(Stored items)
(* Let $\mathbb{F}$ be an infinite field with $\operatorname{char}(\mathbb{F})\neq 2$ and let $G$ be a non-abelian group with a group involution $\ast$ and a non-trivial orientation $\sigma:G\to\{\pm1\}$ such that $gg^\ast\in N=\ker\sigma$ for all $g\in G$. Suppose $\mathbb{F}G$ is normal with respect to the oriented involution $\circledast$ and that $N$, with the restriction of $\ast$, is an SLC-group with unique non-identity commutator $s$. Then there exists $g_0\in G\setminus N$ such that $g_0\in C_G(N)$ and $g_0^\ast=sg_0$. Consequently, $g_0$ is central in $G$.
   Context: A group involution on $G$ is a map $\ast:G\to G$ with $(gh)^\ast=h^\ast g^\ast$ and $(g^\ast)^\ast=g$. An orientation is a group homomorphism $\sigma:G\to\{\pm1\}$. The oriented involution is $(\sum_g\alpha_g g)^\circledast=\sum_g\alpha_g\sigma(g)g^\ast$ on $\mathbb{F}G$. $\mathbb{F}G$ is normal if $\alpha\alpha^\circledast=\alpha^\circledast\alpha$ for all $\alpha\in\mathbb{F}G$. $C_G(N)$ is the centralizer of $N$ in $G$. $(g,h)=g^{-1}h^{-1}gh$. A group $H$ is an LC-group if it is non-abelian and for all $g,h\in H$: $gh=hg$ iff at least one of $g,h,gh$ is in $\zeta(H)$. $H$ with involution $\ast$ is an SLC-group if it is an LC-group with a unique non-identity commutator $s$ (i.e. $\{(g,h):g,h\in H\}=\{1,s\}$) and $h^\ast=h$ for $h\in\zeta(H)$, $h^\ast=sh$ for $h\notin\zeta(H)$. *)

From HB Require Import structures.
From mathcomp Require Import all_boot all_order all_algebra all_fingroup.
Set Implicit Arguments. Unset Strict Implicit. Unset Printing Implicit Defensive.
Import GRing.Theory.

Section Defs.
Variable G : groupType.
Local Open Scope group_scope.

Definition group_involution (star : G -> G) : Prop :=
  (forall g h, star (g * h) = star h * star g) /\ (forall g, star (star g) = g).

Definition orientation (sigma : G -> int) : Prop :=
  (forall g, sigma g = 1%R \/ sigma g = (-1)%R) /\
  (forall g h, sigma (g * h) = (sigma g * sigma h)%R).

Definition kerN (sigma : G -> int) : pred G := fun g => sigma g == 1%R.

Definition zeta (N : pred G) (h : G) : Prop :=
  h \in N /\ (forall m, m \in N -> h * m = m * h).

Definition LC_group (N : pred G) : Prop :=
  (exists g h, [/\ g \in N, h \in N & g * h <> h * g]) /\
  (forall g h, g \in N -> h \in N ->
     (g * h = h * g <-> [\/ zeta N g, zeta N h | zeta N (g * h)])).

(* N with involution star is an SLC-group with unique non-identity
   commutator s; commutator (g,h) = g^-1 h^-1 g h = [~ g, h]. *)
Definition SLC_group (N : pred G) (star : G -> G) (s : G) : Prop :=
  [/\ LC_group N,
      s <> 1,
      (forall g h, g \in N -> h \in N -> [~ g, h] = 1 \/ [~ g, h] = s),
      (exists g h, [/\ g \in N, h \in N & [~ g, h] = s]) &
      (forall h, h \in N ->
         (zeta N h -> star h = h) /\ (~ zeta N h -> star h = s * h))].

End Defs.

Section GroupRing.
Variables (F : fieldType) (G : groupType).

(* Elements of the group algebra FG are written as formal finite sums
   sum_i a_i g_i, represented by a list of pairs (a_i, g_i); two formal sums
   denote the same element iff all their coefficients agree. *)
Definition gr_coef (x : seq (F * G)) (h : G) : F :=
  (\sum_(p <- x | p.2 == h) p.1)%R.

Definition gr_mul (x y : seq (F * G)) : seq (F * G) :=
  [seq ((p.1 * q.1)%R, (p.2 * q.2)%g) | p <- x, q <- y].

Definition gr_oinv (sigma : G -> int) (star : G -> G) (x : seq (F * G))
  : seq (F * G) :=
  [seq ((p.1 * (sigma p.2)%:~R)%R, star p.2) | p <- x].

Definition gr_normal (sigma : G -> int) (star : G -> G) : Prop :=
  forall x : seq (F * G), forall h : G,
    gr_coef (gr_mul x (gr_oinv sigma star x)) h =
    gr_coef (gr_mul (gr_oinv sigma star x) x) h.

End GroupRing.

(* Normality of FG, tested on the elements g and g + h, forces g g^* = g^* g
   and, since char F <> 2, the coincidence of two 2-element multisets built from
   g, h, g^* and h^* (which ones depends on sigma g and sigma h).  For pairs taken
   from N and G \ N this shows that an element h outside N either centralizes N,
   and then h^* = s h, or satisfies h^* = h.  The second alternative cannot hold
   on a whole coset gN: if g, ga, gb and gab were all fixed by *, with a, b in N
   not commuting, then gab = s^2 abg = s abg, so s = 1.  Finally, an element
   outside N centralizing N is central in G because N has index 2. *)

From HB Require Import structures.
From mathcomp Require Import all_boot all_order all_algebra all_fingroup.
From mathcomp Require Import ring.
From Stdlib Require Import Classical.
Set Implicit Arguments.
Unset Strict Implicit.
Unset Printing Implicit Defensive.
Import GRing.Theory.
Local Open Scope group_scope.

Section GroupRingNormal.
Variables (F : fieldType) (G : groupType).
Local Notation delta g k := ((((g : G)%g == (k : G)%g)%:R)%R : F).

Lemma gr_coef_cons (c : F) (g : G) x k :
  gr_coef ((c, g) :: x) k = (delta g k * c + gr_coef x k)%R.
Proof. by rewrite /gr_coef big_cons /=; case: eqP; rewrite ?mul1r ?mul0r ?add0r. Qed.

Lemma gr_coef_nil (k : G) : gr_coef [::] k = 0%R :> F.
Proof. by rewrite /gr_coef big_nil. Qed.

Lemma delta_inj (x y : G) : (forall k, delta x k = delta y k) -> x = y.
Proof.
move=> /(_ x); rewrite eqxx; case: eqP => // _ /eqP.
by rewrite oner_eq0.
Qed.

Lemma delta2_inj (x y u v : G) : (2%:R : F)%R != 0%R ->
  (forall k, delta x k + delta y k = delta u k + delta v k)%R ->
  (x = u /\ y = v) \/ (x = v /\ y = u).
Proof.
move=> char2 E.
case: (eqVneq u x) E => [-> E|ux E].
  by left; split=> //; apply: delta_inj => k; apply: (addrI (delta x k)).
case: (eqVneq v x) E => [-> E|vx E].
  by right; split=> //; apply: delta_inj => k; apply: (addrI (delta x k)); rewrite E addrC.
move: (E x); rewrite eqxx (negbTE ux) (negbTE vx) addr0.
by case: eqP => _ /eqP; rewrite ?(negbTE char2) ?addr0 ?oner_eq0.
Qed.

Variables (sigma : G -> int) (star : G -> G).
Hypothesis sigma_sign : forall g, sigma g = 1%R \/ sigma g = (-1)%R.
Hypothesis normal : gr_normal F sigma star.
Local Notation sg g := (((sigma g)%:~R)%R : F).

Lemma sigma_neq0 g : sg g != 0%R.
Proof. by case: (sigma_sign g) => ->; rewrite ?rmorphN rmorph1 ?oppr_eq0 oner_eq0. Qed.

Lemma normal_single h k : (sg h * delta (h * star h) k = sg h * delta (star h * h) k)%R.
Proof.
have := normal [:: (1%R, h)] k.
by rewrite /gr_mul /gr_oinv /= !gr_coef_cons gr_coef_nil !(mul1r, mulr1, addr0) !(mulrC (sg h)).
Qed.

Lemma mul_star_commute h : h * star h = star h * h.
Proof. by apply: delta_inj => k; apply: (mulfI (sigma_neq0 h)); apply: normal_single. Qed.

Lemma normal_pair a b k :
  (sg b * delta (a * star b) k + sg a * delta (b * star a) k
   = sg a * delta (star a * b) k + sg b * delta (star b * a) k)%R.
Proof.
have E := normal [:: (1%R, a); (1%R, b)] k.
move: E; rewrite /gr_mul /gr_oinv /= !gr_coef_cons gr_coef_nil !(mul1r, mulr1, addr0).
rewrite !(mulrC _ (sg _)) (normal_single a k) (normal_single b k) => E.
by move/addrI: E; rewrite !addrA => /addIr.
Qed.

Hypothesis char2 : (2%:R : F)%R != 0%R.

Lemma normal_pair_same_sign a b : sigma b = sigma a ->
  (a * star b = star a * b /\ b * star a = star b * a) \/
  (a * star b = star b * a /\ b * star a = star a * b).
Proof.
move=> sab; apply: delta2_inj => // k.
by have := normal_pair a b k; rewrite sab -!mulrDr => /(mulfI (sigma_neq0 a)).
Qed.

Lemma normal_pair_opposite_sign a b : sigma b = (- sigma a)%R ->
  (b * star a = star a * b /\ star b * a = a * star b) \/
  (b * star a = a * star b /\ star b * a = star a * b).
Proof.
move=> sab; apply: delta2_inj => // k; apply: (mulfI (sigma_neq0 a)).
move/eqP: (normal_pair a b k); rewrite sab rmorphN -subr_eq0 => /eqP E0.
by apply/eqP; rewrite -subr_eq0 -E0; apply/eqP; ring.
Qed.
End GroupRingNormal.

Definition centralizes (G : groupType) (A : pred G) (h : G) : Prop :=
  forall n, n \in A -> h * n = n * h.

Lemma not_zeta_of_noncommute (G : groupType) (A : pred G) (x y : G) :
  y \in A -> x * y <> y * x -> ~ zeta A x.
Proof. by move=> yA xy [_ cx]; apply: xy; apply: cx. Qed.

Section Orientation.
Variables (G : groupType) (sigma : G -> int).
Hypothesis orient : orientation sigma.
Local Notation N := (kerN sigma).

Lemma in_kerN g : (g \in N) = (sigma g == 1%R).
Proof. by []. Qed.

Lemma sigmaM g h : sigma (g * h) = (sigma g * sigma h)%R.
Proof. exact: orient.2. Qed.

Lemma sigma_notin_kerN g : g \notin N -> sigma g = (-1)%R.
Proof. by rewrite in_kerN; case: (orient.1 g) => ->. Qed.

Lemma sigma_sqr g : (sigma g * sigma g = 1)%R.
Proof. by case: (orient.1 g) => ->. Qed.

Lemma sigma1 : sigma 1 = 1%R.
Proof. by have := sigmaM 1 1; rewrite mulg1; case: (orient.1 1) => ->. Qed.

Lemma sigmaV g : sigma g^-1 = sigma g.
Proof.
have := sigmaM g^-1 g; rewrite mulVg sigma1.
by case: (orient.1 g) => ->; case: (orient.1 g^-1) => ->.
Qed.

Lemma kerN_mul x y : x \in N -> y \in N -> x * y \in N.
Proof. by rewrite !in_kerN sigmaM => /eqP -> /eqP ->. Qed.

Lemma notin_kerN_mulr x n : x \notin N -> n \in N -> x * n \notin N.
Proof. by move=> /sigma_notin_kerN xN; rewrite !in_kerN sigmaM xN => /eqP ->. Qed.

Lemma kerN_conjg x y : x \in N -> x ^ y \in N.
Proof. by rewrite !in_kerN conjgE !sigmaM sigmaV => /eqP ->; rewrite mul1r sigma_sqr. Qed.

Lemma kerN_mulVg x y : x \notin N -> y \notin N -> x^-1 * y \in N.
Proof. by move=> xN yN; rewrite in_kerN sigmaM sigmaV !sigma_notin_kerN. Qed.

Lemma central_of_centralizes_kerN h :
  h \notin N -> centralizes N h -> forall g, h * g = g * h.
Proof.
move=> hN ch g; have [gN|gN] := boolP (g \in N); first exact: ch.
by rewrite -(mulKVg h g) -mulgA -(ch _ (kerN_mulVg hN gN)) mulgA.
Qed.

End Orientation.

Section KernelCommutators.
Variables (G : groupType) (star : G -> G) (sigma : G -> int) (s a b : G).
Hypothesis inv : group_involution star.
Hypothesis orient : orientation sigma.
Local Notation N := (kerN sigma).
Hypothesis s_neq1 : s <> 1.
Hypothesis commN : forall g h, g \in N -> h \in N -> [~ g, h] = 1 \/ [~ g, h] = s.
Hypotheses (aN : a \in N) (bN : b \in N) (ab_s : [~ a, b] = s).
Hypothesis star_noncentral : forall n, n \in N -> ~ zeta N n -> star n = s * n.

Lemma s_central x : s * x = x * s.
Proof.
rewrite conjgC; congr (_ * _).
have := commN (kerN_conjg orient x aN) (kerN_conjg orient x bN).
by rewrite -conjRg ab_s => -[/eqP|//]; rewrite conjg_eq1 => /eqP.
Qed.

Lemma mulg_s x y : x * (s * y) = s * (x * y).
Proof. by rewrite mulgA -s_central mulgA. Qed.

Lemma commute_of_commute_s x y : x * (s * y) = s * y * x -> x * y = y * x.
Proof. by rewrite mulg_s -mulgA => /mulgI. Qed.

Lemma kerN_noncommute x y : x \in N -> y \in N -> x * y <> y * x ->
  y * x = s * (x * y).
Proof.
move=> xN yN xy; case: (commN yN xN) => E; last by rewrite commgC E s_central.
by case: xy; apply/esym/commgP; rewrite E.
Qed.

Lemma noncommute_ab : a * b <> b * a.
Proof. by move/commgP; rewrite ab_s; move/eqP. Qed.

Lemma not_zeta_a : ~ zeta N a.
Proof. exact: not_zeta_of_noncommute bN noncommute_ab. Qed.

Lemma not_zeta_b : ~ zeta N b.
Proof. by apply: not_zeta_of_noncommute aN _ => ba; apply: noncommute_ab. Qed.

Lemma not_zeta_ab : ~ zeta N (a * b).
Proof.
apply: not_zeta_of_noncommute aN _; rewrite -!mulgA => /mulgI ba.
exact: noncommute_ab (esym ba).
Qed.

Lemma star_nonfixed_in_coset g : g \notin N -> exists2 n, n \in N & star (g * n) <> g * n.
Proof.
move=> gN; apply: NNPP => nofix.
have fixed n : n \in N -> star (g * n) = g * n.
  by move=> nN; apply: NNPP => gn; apply: nofix; exists n.
have star_g : star g = g by have := fixed 1; rewrite mulg1 in_kerN sigma1 //; apply.
have gn n : n \in N -> ~ zeta N n -> g * n = s * n * g.
  by move=> nN nz; rewrite -(fixed n nN) inv.1 star_g (star_noncentral nN nz).
have := gn _ (kerN_mul orient aN bN) not_zeta_ab.
rewrite mulgA (gn a aN not_zeta_a) -!mulgA (gn b bN not_zeta_b) -!mulgA mulg_s => /mulgI.
by rewrite -{2}[a * _]mul1g => /mulIg /s_neq1.
Qed.

Section Normal.
Variable F : fieldType.
Hypothesis char2 : (2%:R : F)%R != 0%R.
Hypothesis normal : gr_normal F sigma star.

Lemma star_of_centralizes h : h \notin N -> centralizes N h -> star h = s * h.
Proof.
move=> hN ch.
have shb : sigma (h * b) = (- sigma a)%R.
  by rewrite sigmaM // (sigma_notin_kerN orient hN) (eqP aN) (eqP bN).
have := normal_pair_opposite_sign orient.1 normal char2 shb.
rewrite inv.1 (star_noncentral aN not_zeta_a) (star_noncentral bN not_zeta_b).
case=> -[E _].
  move/commute_of_commute_s: E; rewrite [a * _]mulgA -(ch a aN) -!mulgA => /mulgI ba.
  by case: noncommute_ab.
move: E; rewrite mulg_s -(mulgA h) (kerN_noncommute aN bN noncommute_ab) mulg_s.
rewrite (ch _ (kerN_mul orient aN bN)) -(mulgA s b) mulg_s => /mulgI.
by rewrite -mulg_s -!mulgA => /mulgI /mulgI.
Qed.

Lemma star_fixed_of_noncommute h n :
  h \notin N -> n \in N -> ~ zeta N n -> h * n <> n * h -> star h = h.
Proof.
move=> hN nN nz hn.
have sh : sigma h = (- sigma n)%R by rewrite (sigma_notin_kerN orient hN) (eqP nN).
have shn : sigma (h * n) = sigma h by rewrite sigmaM // (eqP nN) mulr1.
have := normal_pair_opposite_sign orient.1 normal char2 sh.
rewrite (star_noncentral nN nz) => -[[/commute_of_commute_s // E1 E2]|[E1 E2]].
have := normal_pair_same_sign orient.1 normal char2 shn.
rewrite inv.1 (star_noncentral nN nz) !mulgA -(mul_star_commute orient.1 normal) -!mulgA E2.
case=> -[A1 A2].
  by move: A1; rewrite !mulgA => /mulgI.
by move/mulgI: A2; rewrite -E1 => /commute_of_commute_s.
Qed.

Lemma centralizes_of_star_nonfixed h : h \notin N -> star h <> h -> centralizes N h.
Proof.
move=> hN hstar n nN; have [//|/eqP hn] := eqVneq (h * n) (n * h).
case: hstar; have [zn|nz] := classic (zeta N n); last first.
  exact: star_fixed_of_noncommute hN nN nz hn.
have [ha|/eqP ha] := eqVneq (h * a) (a * h); last first.
  exact: star_fixed_of_noncommute hN aN not_zeta_a ha.
apply: (star_fixed_of_noncommute hN (kerN_mul orient nN aN)).
  apply: not_zeta_of_noncommute bN _ => nab; apply: noncommute_ab.
  by move: nab; rewrite mulgA -(zn.2 b bN) -!mulgA => /mulgI.
by rewrite -mulgA -ha !mulgA => /mulIg.
Qed.

Lemma exists_centralizing_star_s g :
  g \notin N -> exists h, [/\ h \notin N, centralizes N h & star h = s * h].
Proof.
move=> gN; have [n nN gn_nonfixed] := star_nonfixed_in_coset gN.
have gnN := notin_kerN_mulr orient gN nN.
have c_gn := centralizes_of_star_nonfixed gnN gn_nonfixed.
by exists (g * n); split=> //; apply: star_of_centralizes.
Qed.

End Normal.
End KernelCommutators.

Theorem lemma11 (F : fieldType) (G : groupType) (star : G -> G)
    (sigma : G -> int) (s : G) :
  ~ (exists e : seq F, forall a : F, a \in e) ->
  ((2%:R : F) != 0)%R ->
  (exists g h : G, g * h <> h * g) ->
  group_involution star ->
  orientation sigma ->
  (exists g : G, sigma g <> 1%R) ->
  (forall g : G, g * star g \in kerN sigma) ->
  gr_normal F sigma star ->
  SLC_group (kerN sigma) star s ->
  exists g0 : G,
    [/\ g0 \notin kerN sigma,
        (forall n : G, n \in kerN sigma -> g0 * n = n * g0),
        star g0 = s * g0 &
        (forall g : G, g0 * g = g * g0)].
Proof.
move=> _ char2 _ inv orient [g /eqP gN] _ normal
  [_ s_neq1 commN [a [b [aN bN ab_s]]] star_N].
have star_noncentral n : n \in kerN sigma -> ~ zeta (kerN sigma) n -> star n = s * n.
  by move=> nN; apply: (star_N n nN).2.
have [h [hN c_h star_h]] := exists_centralizing_star_s inv orient s_neq1 commN aN bN ab_s
  star_noncentral char2 normal gN.
by exists h; split=> //; exact: (central_of_centralizes_kerN orient hN c_h).
Qed.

**INSTRUCTIONS TO FOLLOW:** Above are the entries; repeat their lines exactly, from the first through the one that contains "Definition orientation (sigma".

**RESULT:**
(* Let $\mathbb{F}$ be an infinite field with $\operatorname{char}(\mathbb{F})\neq 2$ and let $G$ be a non-abelian group with a group involution $\ast$ and a non-trivial orientation $\sigma:G\to\{\pm1\}$ such that $gg^\ast\in N=\ker\sigma$ for all $g\in G$. Suppose $\mathbb{F}G$ is normal with respect to the oriented involution $\circledast$ and that $N$, with the restriction of $\ast$, is an SLC-group with unique non-identity commutator $s$. Then there exists $g_0\in G\setminus N$ such that $g_0\in C_G(N)$ and $g_0^\ast=sg_0$. Consequently, $g_0$ is central in $G$.
   Context: A group involution on $G$ is a map $\ast:G\to G$ with $(gh)^\ast=h^\ast g^\ast$ and $(g^\ast)^\ast=g$. An orientation is a group homomorphism $\sigma:G\to\{\pm1\}$. The oriented involution is $(\sum_g\alpha_g g)^\circledast=\sum_g\alpha_g\sigma(g)g^\ast$ on $\mathbb{F}G$. $\mathbb{F}G$ is normal if $\alpha\alpha^\circledast=\alpha^\circledast\alpha$ for all $\alpha\in\mathbb{F}G$. $C_G(N)$ is the centralizer of $N$ in $G$. $(g,h)=g^{-1}h^{-1}gh$. A group $H$ is an LC-group if it is non-abelian and for all $g,h\in H$: $gh=hg$ iff at least one of $g,h,gh$ is in $\zeta(H)$. $H$ with involution $\ast$ is an SLC-group if it is an LC-group with a unique non-identity commutator $s$ (i.e. $\{(g,h):g,h\in H\}=\{1,s\}$) and $h^\ast=h$ for $h\in\zeta(H)$, $h^\ast=sh$ for $h\notin\zeta(H)$. *)

From HB Require Import structures.
From mathcomp Require Import all_boot all_order all_algebra all_fingroup.
Set Implicit Arguments. Unset Strict Implicit. Unset Printing Implicit Defensive.
Import GRing.Theory.

Section Defs.
Variable G : groupType.
Local Open Scope group_scope.

Definition group_involution (star : G -> G) : Prop :=
  (forall g h, star (g * h) = star h * star g) /\ (forall g, star (star g) = g).

Definition orientation (sigma : G -> int) : Prop :=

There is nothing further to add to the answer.